RAW DATA Start Marker

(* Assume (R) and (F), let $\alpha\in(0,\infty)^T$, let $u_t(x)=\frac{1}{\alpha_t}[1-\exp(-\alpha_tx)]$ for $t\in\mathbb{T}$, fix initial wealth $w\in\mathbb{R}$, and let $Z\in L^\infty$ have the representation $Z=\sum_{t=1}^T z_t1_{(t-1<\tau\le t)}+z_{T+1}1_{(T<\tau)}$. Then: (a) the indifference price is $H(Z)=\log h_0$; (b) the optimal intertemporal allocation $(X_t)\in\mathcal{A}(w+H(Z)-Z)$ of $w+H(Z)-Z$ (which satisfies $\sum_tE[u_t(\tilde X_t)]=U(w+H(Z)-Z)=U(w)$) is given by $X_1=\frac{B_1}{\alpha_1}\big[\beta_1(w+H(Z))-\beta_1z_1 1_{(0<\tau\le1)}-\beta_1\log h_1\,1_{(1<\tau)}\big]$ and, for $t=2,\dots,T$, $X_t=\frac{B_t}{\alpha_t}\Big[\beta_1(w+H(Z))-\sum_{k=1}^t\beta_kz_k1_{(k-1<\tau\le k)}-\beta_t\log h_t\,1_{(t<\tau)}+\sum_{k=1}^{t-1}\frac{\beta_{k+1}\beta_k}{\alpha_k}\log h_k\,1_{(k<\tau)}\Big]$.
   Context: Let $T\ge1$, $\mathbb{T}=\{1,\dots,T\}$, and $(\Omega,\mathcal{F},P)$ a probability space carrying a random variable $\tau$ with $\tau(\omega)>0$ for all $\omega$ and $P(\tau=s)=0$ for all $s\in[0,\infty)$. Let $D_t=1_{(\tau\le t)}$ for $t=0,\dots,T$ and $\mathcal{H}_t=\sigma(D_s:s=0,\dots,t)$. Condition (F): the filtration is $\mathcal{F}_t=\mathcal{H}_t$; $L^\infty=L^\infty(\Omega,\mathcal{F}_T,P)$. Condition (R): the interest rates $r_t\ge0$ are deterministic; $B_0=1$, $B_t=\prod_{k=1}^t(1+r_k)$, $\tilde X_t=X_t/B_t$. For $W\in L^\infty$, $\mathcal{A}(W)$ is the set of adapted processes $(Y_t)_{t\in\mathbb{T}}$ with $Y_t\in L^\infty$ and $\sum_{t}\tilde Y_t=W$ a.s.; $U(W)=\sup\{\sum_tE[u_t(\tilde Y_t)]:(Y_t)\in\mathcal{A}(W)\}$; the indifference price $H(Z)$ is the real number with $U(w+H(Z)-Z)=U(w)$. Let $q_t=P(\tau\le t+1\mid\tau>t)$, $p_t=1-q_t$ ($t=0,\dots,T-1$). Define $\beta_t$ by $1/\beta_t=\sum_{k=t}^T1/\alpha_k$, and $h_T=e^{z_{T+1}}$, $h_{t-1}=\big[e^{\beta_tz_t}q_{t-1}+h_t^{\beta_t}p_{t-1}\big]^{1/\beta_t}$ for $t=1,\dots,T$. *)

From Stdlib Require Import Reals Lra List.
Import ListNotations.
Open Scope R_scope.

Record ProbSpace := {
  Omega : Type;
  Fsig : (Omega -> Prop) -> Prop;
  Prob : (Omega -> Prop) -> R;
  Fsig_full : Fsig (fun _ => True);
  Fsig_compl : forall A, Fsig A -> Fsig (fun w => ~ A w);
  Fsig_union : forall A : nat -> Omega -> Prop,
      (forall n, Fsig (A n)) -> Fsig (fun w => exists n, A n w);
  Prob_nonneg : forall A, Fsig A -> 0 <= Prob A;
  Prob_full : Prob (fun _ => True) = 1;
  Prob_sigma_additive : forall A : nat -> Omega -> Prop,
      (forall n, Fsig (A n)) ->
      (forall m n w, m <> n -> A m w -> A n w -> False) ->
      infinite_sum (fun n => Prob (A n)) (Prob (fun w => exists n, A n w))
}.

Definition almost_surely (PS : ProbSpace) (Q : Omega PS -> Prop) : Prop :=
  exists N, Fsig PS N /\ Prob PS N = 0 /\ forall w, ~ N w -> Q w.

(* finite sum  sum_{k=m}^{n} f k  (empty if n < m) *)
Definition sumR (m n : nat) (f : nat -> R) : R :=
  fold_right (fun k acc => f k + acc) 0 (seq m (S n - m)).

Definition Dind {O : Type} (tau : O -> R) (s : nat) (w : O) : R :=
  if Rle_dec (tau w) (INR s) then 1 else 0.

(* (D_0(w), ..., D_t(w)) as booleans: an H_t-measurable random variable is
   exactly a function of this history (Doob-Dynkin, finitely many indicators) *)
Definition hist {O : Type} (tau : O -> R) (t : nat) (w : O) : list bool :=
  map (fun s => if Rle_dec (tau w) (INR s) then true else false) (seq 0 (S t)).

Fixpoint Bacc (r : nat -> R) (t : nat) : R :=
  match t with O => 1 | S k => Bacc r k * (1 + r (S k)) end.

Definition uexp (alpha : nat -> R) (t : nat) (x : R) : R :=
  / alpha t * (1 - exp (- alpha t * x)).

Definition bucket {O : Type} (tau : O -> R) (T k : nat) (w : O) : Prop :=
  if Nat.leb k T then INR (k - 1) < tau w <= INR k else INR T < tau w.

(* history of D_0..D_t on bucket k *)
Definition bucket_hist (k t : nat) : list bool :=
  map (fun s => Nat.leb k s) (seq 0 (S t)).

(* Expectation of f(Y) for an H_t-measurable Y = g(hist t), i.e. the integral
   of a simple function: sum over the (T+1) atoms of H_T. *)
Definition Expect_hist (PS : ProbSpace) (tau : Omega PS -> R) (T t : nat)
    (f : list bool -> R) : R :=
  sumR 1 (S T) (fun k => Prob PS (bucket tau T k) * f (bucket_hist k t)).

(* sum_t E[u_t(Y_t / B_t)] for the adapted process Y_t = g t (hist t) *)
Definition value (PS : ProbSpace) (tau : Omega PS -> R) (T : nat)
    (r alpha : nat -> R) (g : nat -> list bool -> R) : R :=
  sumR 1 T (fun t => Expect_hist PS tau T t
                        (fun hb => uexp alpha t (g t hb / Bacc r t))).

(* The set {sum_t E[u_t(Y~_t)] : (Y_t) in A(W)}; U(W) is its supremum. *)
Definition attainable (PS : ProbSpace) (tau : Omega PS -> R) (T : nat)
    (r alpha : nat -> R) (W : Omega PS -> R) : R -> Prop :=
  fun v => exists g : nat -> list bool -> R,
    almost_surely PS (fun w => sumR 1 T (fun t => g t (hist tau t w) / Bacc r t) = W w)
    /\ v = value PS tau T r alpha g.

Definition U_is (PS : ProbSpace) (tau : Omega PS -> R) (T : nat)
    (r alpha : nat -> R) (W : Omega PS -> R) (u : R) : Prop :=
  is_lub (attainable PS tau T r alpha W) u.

RAW DATA End Marker

▶ **ASSIGNMENT**
Looking at the records above, how many lines include "Import"? Please give the number and nothing more.

▶ **ANSWER TO THE PROBLEM**
2